Lemma chain_last s i n j : chain s i n = Some j -> ~ chain_infinite s i ->
  exists p j', chain s i (n + p) = Some j' /\ ~ mK (M (s + (n + p))) j'.
Proof.
  intros Hn Hfin; destruct (not_all_ex_not _ _ Hfin) as [m Hdead]; apply NNPP in Hdead.
  assert (Hnm : (n <= m)%nat).
  { destruct (Nat.le_gt_cases n m) as [| Hmn]; [assumption|].
    pose proof (chain_None_add s i m (n - m) Hdead) as Hnone.
    replace (m + (n - m))%nat with n in Hnone by lia; congruence. }
  replace m with (n + (m - n))%nat in Hdead by lia.
  generalize dependent (m - n)%nat; intros q; clear m Hnm.
  revert n j Hn; induction q as [| q IH]; intros n j Hn Hq.
  - rewrite Nat.add_0_r in Hq; congruence.
  - destruct (chain s i (S n)) as [j1 |] eqn:E1.
    + rewrite Nat.add_succ_r, <- Nat.add_succ_l in Hq.
      destruct (IH (S n) j1 E1 Hq) as (p & j' & Hp & HK).
      exists (S p), j'; rewrite Nat.add_succ_r, <- Nat.add_succ_l; auto.
    + exists O, j; rewrite Nat.add_0_r; split; [exact Hn|]; intros HK.
      simpl in E1; rewrite Hn in E1.
      assert (step (M (s + n)) j = Some (mphi (M (s + n)) j)) by (apply step_Some; auto).
      congruence.
Qed.

Definition tracked (k j : nat) : Prop :=
  fidx (beta k) j /\ fidx chain_limits (to_nat (origin k j)).

Lemma untracked_point_near_A k j : exists z, fidx (beta k) j -> ~ tracked k j ->
  A z /\ Rbar_le (d (fpt (beta k) j) z) (2 * half_pow k).
Proof.
  destruct (classic (fidx (beta k) j)) as [Hj | Hj]; [|exists (fpt (beta k) j); tauto].
  destruct (origin k j) as [s i] eqn:Eo.
  destruct (origin_spec k j s i Hj Eo) as (Hst & n & -> & Hc).
  destruct (classic (chain_infinite s i)) as [Hinf | Hfin].
  - exists (chain_lim s i); intros _ Hnt; split.
    + apply NNPP; intros HA; apply Hnt; split; [exact Hj|].
      rewrite Eo; apply chain_limits_fidx; exact (conj Hst (conj Hinf HA)).
    + rewrite <- (chain_pt_Some _ _ _ _ Hc); apply chain_pt_lim_dist, Hinf.
  - destruct (chain_last s i n j Hc Hfin) as (p & j' & Hc' & HK).
    destruct (HM (s + (n + p))) as ((_ & _ & _ & Az & _) & _ & Zle & _).
    assert (Hj' : fidx (beta (s + (n + p))) j')
      by (apply chain_fidx with i; [apply Hst | exact Hc']).
    exists (mz (M (s + (n + p))) j'); intros _ _; split; [apply Az; assumption|].
    pose proof (chain_pt_dist s i n p ltac:(congruence)) as Hpath.
    rewrite (chain_pt_Some _ _ _ _ Hc), (chain_pt_Some _ _ _ _ Hc') in Hpath.
    apply Rbar_le_Finite_weaken with
      (2 * half_pow (s + n) - 2 * half_pow (s + (n + p)) + half_pow (s + (n + p))).
    + apply d_triangle_le with (fpt (beta (s + (n + p))) j');
        [exact Hm | exact Hpath | apply Zle; assumption].
    + pose proof (half_pow_pos (s + (n + p))); lra.
Qed.

Lemma untracked_limit_near_A k n : exists w, fidx chain_limits n ->
  ~ (exists j, tracked k j /\ to_nat (origin k j) = n) ->
  A w /\ Rbar_le (d w (fpt chain_limits n)) (2 * half_pow k).
Proof.
  destruct (classic (fidx chain_limits n)) as [Hn | Hn];
    [|exists (fpt chain_limits n); tauto].
  destruct (chain_limits_index n Hn) as (s & i & -> & Hst & Hinf & _).
  destruct (Nat.le_gt_cases s k) as [Hsk | Hks].
  - exists (chain_lim s i); intros _ Hno; exfalso; apply Hno.
    destruct (chain_at s i k Hst Hinf Hsk) as (j & Hj & Ho & _).
    exists j; rewrite Ho; split; [split; [exact Hj | rewrite Ho; exact Hn] | reflexivity].
  - destruct (late_chain_lim_near_A s i k Hst Hinf Hks) as (w & Hw & Hdw).
    exists w; intros _ _; rewrite chain_limits_fpt; auto.
Qed.

Lemma matchable_chain_limits k : matchable d A (beta k) chain_limits (2 * half_pow k).
Proof.
  destruct (choice _ (untracked_point_near_A k)) as [z Hz].
  destruct (choice _ (untracked_limit_near_A k)) as [w Hw].
  exists (Matching (tracked k) (fun j => to_nat (origin k j)) z w).
  split; [split; [|split; [|split; [|split]]] | split; [|split]];
    cbn [mK mphi mz mw matched]; try apply Hz; try apply Hw.
  - intros j [Hj _]; exact Hj.
  - intros j [_ Hj]; exact Hj.
  - intros j j' [Hj _] [Hj' _] E.
    apply (f_equal of_nat) in E; rewrite !cancel_of_to in E.
    destruct (origin k j) as [s i] eqn:Eo.
    destruct (origin_spec k j s i Hj Eo) as (_ & n & Hkn & Hc).
    destruct (origin_spec k j' s i Hj' (eq_sym E)) as (_ & n' & Hkn' & Hc').
    assert (n' = n) as -> by lia; congruence.
  - intros j [Hj Htr].
    destruct (origin k j) as [s i] eqn:Eo.
    destruct (origin_spec k j s i Hj Eo) as (_ & n & -> & Hc).
    destruct (proj1 (chain_limits_fidx s i) Htr) as (_ & Hinf & _).
    rewrite chain_limits_fpt, <- (chain_pt_Some _ _ _ _ Hc); apply chain_pt_lim_dist, Hinf.
Qed.
End Chains.

Theorem theorem6p3 (X : Type) (d : X -> X -> Rbar) (A : X -> Prop) :
  is_ext_metric d ->
  is_closed_set d A ->
  complete_on (fun _ : X => True) d ->
  complete_on (in_Dinf d A) (W_inf d A).
Proof.
  intros Hm _ Hcomp u Hu Hcauchy.
  destruct (cauchy_seq_half_pow_moduli _ _ Hcauchy) as (N & HNmono & HN).
  assert (Hnext : forall t, matchable d A (u (N t)) (u (N (S t))) (half_pow t)).
  { intros t; apply W_inf_lt_matchable, HN; [lia | specialize (HNmono t); lia]. }
  destruct (choice _ Hnext) as [M HM].
  exists (chain_limits d A (fun t => u (N t)) M); split.
  - exact (chain_limits_in_Dinf d A Hm Hcomp _ M HM (fun t => Hu (N t))).
  - intros eps Heps; destruct (half_pow_lt_ex (eps / 3)) as [k Hk]; [lra|].
    exists (N k); intros n Hn; pose proof (half_pow_pos k).
    apply Rbar_le_lt_trans with (half_pow k + 2 * half_pow k); [|simpl; lra].
    apply matchable_W_inf_le; [lra|].
    apply matchable_trans with (u (N k)); [exact Hm | lra | lra | |].
    + apply W_inf_lt_matchable, HN; lia.
    + exact (matchable_chain_limits d A Hm Hcomp _ M HM k).
Qed.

____________________

● PROBLEM TO SOLVE
Without changing a word, restate the whole listing.

● COMPLETED TASK
Lemma chain_last s i n j : chain s i n = Some j -> ~ chain_infinite s i ->
  exists p j', chain s i (n + p) = Some j' /\ ~ mK (M (s + (n + p))) j'.
Proof.
  intros Hn Hfin; destruct (not_all_ex_not _ _ Hfin) as [m Hdead]; apply NNPP in Hdead.
  assert (Hnm : (n <= m)%nat).
  { destruct (Nat.le_gt_cases n m) as [| Hmn]; [assumption|].
    pose proof (chain_None_add s i m (n - m) Hdead) as Hnone.
    replace (m + (n - m))%nat with n in Hnone by lia; congruence. }
  replace m with (n + (m - n))%nat in Hdead by lia.
  generalize dependent (m - n)%nat; intros q; clear m Hnm.
  revert n j Hn; induction q as [| q IH]; intros n j Hn Hq.
  - rewrite Nat.add_0_r in Hq; congruence.
  - destruct (chain s i (S n)) as [j1 |] eqn:E1.
    + rewrite Nat.add_succ_r, <- Nat.add_succ_l in Hq.
      destruct (IH (S n) j1 E1 Hq) as (p & j' & Hp & HK).
      exists (S p), j'; rewrite Nat.add_succ_r, <- Nat.add_succ_l; auto.
    + exists O, j; rewrite Nat.add_0_r; split; [exact Hn|]; intros HK.
      simpl in E1; rewrite Hn in E1.
      assert (step (M (s + n)) j = Some (mphi (M (s + n)) j)) by (apply step_Some; auto).
      congruence.
Qed.

Definition tracked (k j : nat) : Prop :=
  fidx (beta k) j /\ fidx chain_limits (to_nat (origin k j)).

Lemma untracked_point_near_A k j : exists z, fidx (beta k) j -> ~ tracked k j ->
  A z /\ Rbar_le (d (fpt (beta k) j) z) (2 * half_pow k).
Proof.
  destruct (classic (fidx (beta k) j)) as [Hj | Hj]; [|exists (fpt (beta k) j); tauto].
  destruct (origin k j) as [s i] eqn:Eo.
  destruct (origin_spec k j s i Hj Eo) as (Hst & n & -> & Hc).
  destruct (classic (chain_infinite s i)) as [Hinf | Hfin].
  - exists (chain_lim s i); intros _ Hnt; split.
    + apply NNPP; intros HA; apply Hnt; split; [exact Hj|].
      rewrite Eo; apply chain_limits_fidx; exact (conj Hst (conj Hinf HA)).
    + rewrite <- (chain_pt_Some _ _ _ _ Hc); apply chain_pt_lim_dist, Hinf.
  - destruct (chain_last s i n j Hc Hfin) as (p & j' & Hc' & HK).
    destruct (HM (s + (n + p))) as ((_ & _ & _ & Az & _) & _ & Zle & _).
    assert (Hj' : fidx (beta (s + (n + p))) j')
      by (apply chain_fidx with i; [apply Hst | exact Hc']).
    exists (mz (M (s + (n + p))) j'); intros _ _; split; [apply Az; assumption|].
    pose proof (chain_pt_dist s i n p ltac:(congruence)) as Hpath.
    rewrite (chain_pt_Some _ _ _ _ Hc), (chain_pt_Some _ _ _ _ Hc') in Hpath.
    apply Rbar_le_Finite_weaken with
      (2 * half_pow (s + n) - 2 * half_pow (s + (n + p)) + half_pow (s + (n + p))).
    + apply d_triangle_le with (fpt (beta (s + (n + p))) j');
        [exact Hm | exact Hpath | apply Zle; assumption].
    + pose proof (half_pow_pos (s + (n + p))); lra.
Qed.

Lemma untracked_limit_near_A k n : exists w, fidx chain_limits n ->
  ~ (exists j, tracked k j /\ to_nat (origin k j) = n) ->
  A w /\ Rbar_le (d w (fpt chain_limits n)) (2 * half_pow k).
Proof.
  destruct (classic (fidx chain_limits n)) as [Hn | Hn];
    [|exists (fpt chain_limits n); tauto].
  destruct (chain_limits_index n Hn) as (s & i & -> & Hst & Hinf & _).
  destruct (Nat.le_gt_cases s k) as [Hsk | Hks].
  - exists (chain_lim s i); intros _ Hno; exfalso; apply Hno.
    destruct (chain_at s i k Hst Hinf Hsk) as (j & Hj & Ho & _).
    exists j; rewrite Ho; split; [split; [exact Hj | rewrite Ho; exact Hn] | reflexivity].
  - destruct (late_chain_lim_near_A s i k Hst Hinf Hks) as (w & Hw & Hdw).
    exists w; intros _ _; rewrite chain_limits_fpt; auto.
Qed.

Lemma matchable_chain_limits k : matchable d A (beta k) chain_limits (2 * half_pow k).
Proof.
  destruct (choice _ (untracked_point_near_A k)) as [z Hz].
  destruct (choice _ (untracked_limit_near_A k)) as [w Hw].
  exists (Matching (tracked k) (fun j => to_nat (origin k j)) z w).
  split; [split; [|split; [|split; [|split]]] | split; [|split]];
    cbn [mK mphi mz mw matched]; try apply Hz; try apply Hw.
  - intros j [Hj _]; exact Hj.
  - intros j [_ Hj]; exact Hj.
  - intros j j' [Hj _] [Hj' _] E.
    apply (f_equal of_nat) in E; rewrite !cancel_of_to in E.
    destruct (origin k j) as [s i] eqn:Eo.
    destruct (origin_spec k j s i Hj Eo) as (_ & n & Hkn & Hc).
    destruct (origin_spec k j' s i Hj' (eq_sym E)) as (_ & n' & Hkn' & Hc').
    assert (n' = n) as -> by lia; congruence.
  - intros j [Hj Htr].
    destruct (origin k j) as [s i] eqn:Eo.
    destruct (origin_spec k j s i Hj Eo) as (_ & n & -> & Hc).
    destruct (proj1 (chain_limits_fidx s i) Htr) as (_ & Hinf & _).
    rewrite chain_limits_fpt, <- (chain_pt_Some _ _ _ _ Hc); apply chain_pt_lim_dist, Hinf.
Qed.
End Chains.

Theorem theorem6p3 (X : Type) (d : X -> X -> Rbar) (A : X -> Prop) :
  is_ext_metric d ->
  is_closed_set d A ->
  complete_on (fun _ : X => True) d ->
  complete_on (in_Dinf d A) (W_inf d A).
Proof.
  intros Hm _ Hcomp u Hu Hcauchy.
  destruct (cauchy_seq_half_pow_moduli _ _ Hcauchy) as (N & HNmono & HN).
  assert (Hnext : forall t, matchable d A (u (N t)) (u (N (S t))) (half_pow t)).
  { intros t; apply W_inf_lt_matchable, HN; [lia | specialize (HNmono t); lia]. }
  destruct (choice _ Hnext) as [M HM].
  exists (chain_limits d A (fun t => u (N t)) M); split.
  - exact (chain_limits_in_Dinf d A Hm Hcomp _ M HM (fun t => Hu (N t))).
  - intros eps Heps; destruct (half_pow_lt_ex (eps / 3)) as [k Hk]; [lra|].
    exists (N k); intros n Hn; pose proof (half_pow_pos k).
    apply Rbar_le_lt_trans with (half_pow k + 2 * half_pow k); [|simpl; lra].
    apply matchable_W_inf_le; [lra|].
    apply matchable_trans with (u (N k)); [exact Hm | lra | lra | |].
    + apply W_inf_lt_matchable, HN; lia.
    + exact (matchable_chain_limits d A Hm Hcomp _ M HM k).
Qed.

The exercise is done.